Saved data entries:
────────

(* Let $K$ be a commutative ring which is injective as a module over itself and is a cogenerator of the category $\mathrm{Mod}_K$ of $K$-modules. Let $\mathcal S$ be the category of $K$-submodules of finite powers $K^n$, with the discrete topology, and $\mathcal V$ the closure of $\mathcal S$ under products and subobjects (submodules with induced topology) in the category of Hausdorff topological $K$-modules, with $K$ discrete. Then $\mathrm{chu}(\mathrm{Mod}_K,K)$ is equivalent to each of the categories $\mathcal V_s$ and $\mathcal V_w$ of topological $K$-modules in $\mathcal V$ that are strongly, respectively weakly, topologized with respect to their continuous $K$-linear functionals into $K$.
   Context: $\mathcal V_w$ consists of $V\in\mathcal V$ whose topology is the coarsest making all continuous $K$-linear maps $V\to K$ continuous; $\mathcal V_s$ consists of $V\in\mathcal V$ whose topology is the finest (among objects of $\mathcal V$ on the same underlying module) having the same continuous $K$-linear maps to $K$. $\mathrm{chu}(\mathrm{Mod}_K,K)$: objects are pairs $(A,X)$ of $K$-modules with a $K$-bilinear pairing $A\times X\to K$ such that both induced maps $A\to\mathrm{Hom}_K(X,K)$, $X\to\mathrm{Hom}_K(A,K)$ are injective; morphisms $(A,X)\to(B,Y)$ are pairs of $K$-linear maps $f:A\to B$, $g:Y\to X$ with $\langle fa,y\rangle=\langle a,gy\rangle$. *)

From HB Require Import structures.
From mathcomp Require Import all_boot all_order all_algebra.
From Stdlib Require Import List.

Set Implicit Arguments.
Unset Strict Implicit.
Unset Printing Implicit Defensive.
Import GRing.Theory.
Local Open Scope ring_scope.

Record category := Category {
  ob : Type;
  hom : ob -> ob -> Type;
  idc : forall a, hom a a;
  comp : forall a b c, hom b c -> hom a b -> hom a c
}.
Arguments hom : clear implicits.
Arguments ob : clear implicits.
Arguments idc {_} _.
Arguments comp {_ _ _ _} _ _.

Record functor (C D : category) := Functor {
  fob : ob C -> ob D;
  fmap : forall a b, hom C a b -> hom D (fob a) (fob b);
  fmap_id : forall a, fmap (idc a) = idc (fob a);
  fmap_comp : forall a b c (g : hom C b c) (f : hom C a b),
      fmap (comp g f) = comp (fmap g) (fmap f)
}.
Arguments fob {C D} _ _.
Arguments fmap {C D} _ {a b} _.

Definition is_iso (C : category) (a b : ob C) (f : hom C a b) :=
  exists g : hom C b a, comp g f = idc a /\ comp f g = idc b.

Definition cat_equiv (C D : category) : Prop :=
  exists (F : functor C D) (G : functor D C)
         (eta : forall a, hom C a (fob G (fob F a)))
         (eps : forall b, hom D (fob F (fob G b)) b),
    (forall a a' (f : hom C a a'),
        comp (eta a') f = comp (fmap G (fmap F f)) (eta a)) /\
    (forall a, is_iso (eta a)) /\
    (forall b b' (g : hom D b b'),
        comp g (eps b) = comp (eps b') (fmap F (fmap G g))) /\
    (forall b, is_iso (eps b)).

────────

Brief — Could you restate every entry verbatim, please?

Response area —
(* Let $K$ be a commutative ring which is injective as a module over itself and is a cogenerator of the category $\mathrm{Mod}_K$ of $K$-modules. Let $\mathcal S$ be the category of $K$-submodules of finite powers $K^n$, with the discrete topology, and $\mathcal V$ the closure of $\mathcal S$ under products and subobjects (submodules with induced topology) in the category of Hausdorff topological $K$-modules, with $K$ discrete. Then $\mathrm{chu}(\mathrm{Mod}_K,K)$ is equivalent to each of the categories $\mathcal V_s$ and $\mathcal V_w$ of topological $K$-modules in $\mathcal V$ that are strongly, respectively weakly, topologized with respect to their continuous $K$-linear functionals into $K$.
   Context: $\mathcal V_w$ consists of $V\in\mathcal V$ whose topology is the coarsest making all continuous $K$-linear maps $V\to K$ continuous; $\mathcal V_s$ consists of $V\in\mathcal V$ whose topology is the finest (among objects of $\mathcal V$ on the same underlying module) having the same continuous $K$-linear maps to $K$. $\mathrm{chu}(\mathrm{Mod}_K,K)$: objects are pairs $(A,X)$ of $K$-modules with a $K$-bilinear pairing $A\times X\to K$ such that both induced maps $A\to\mathrm{Hom}_K(X,K)$, $X\to\mathrm{Hom}_K(A,K)$ are injective; morphisms $(A,X)\to(B,Y)$ are pairs of $K$-linear maps $f:A\to B$, $g:Y\to X$ with $\langle fa,y\rangle=\langle a,gy\rangle$. *)

From HB Require Import structures.
From mathcomp Require Import all_boot all_order all_algebra.
From Stdlib Require Import List.

Set Implicit Arguments.
Unset Strict Implicit.
Unset Printing Implicit Defensive.
Import GRing.Theory.
Local Open Scope ring_scope.

Record category := Category {
  ob : Type;
  hom : ob -> ob -> Type;
  idc : forall a, hom a a;
  comp : forall a b c, hom b c -> hom a b -> hom a c
}.
Arguments hom : clear implicits.
Arguments ob : clear implicits.
Arguments idc {_} _.
Arguments comp {_ _ _ _} _ _.

Record functor (C D : category) := Functor {
  fob : ob C -> ob D;
  fmap : forall a b, hom C a b -> hom D (fob a) (fob b);
  fmap_id : forall a, fmap (idc a) = idc (fob a);
  fmap_comp : forall a b c (g : hom C b c) (f : hom C a b),
      fmap (comp g f) = comp (fmap g) (fmap f)
}.
Arguments fob {C D} _ _.
Arguments fmap {C D} _ {a b} _.

Definition is_iso (C : category) (a b : ob C) (f : hom C a b) :=
  exists g : hom C b a, comp g f = idc a /\ comp f g = idc b.

Definition cat_equiv (C D : category) : Prop :=
  exists (F : functor C D) (G : functor D C)
         (eta : forall a, hom C a (fob G (fob F a)))
         (eps : forall b, hom D (fob F (fob G b)) b),
    (forall a a' (f : hom C a a'),
        comp (eta a') f = comp (fmap G (fmap F f)) (eta a)) /\
    (forall a, is_iso (eta a)) /\
    (forall b b' (g : hom D b b'),
        comp g (eps b) = comp (eps b') (fmap F (fmap G g))) /\
    (forall b, is_iso (eps b)).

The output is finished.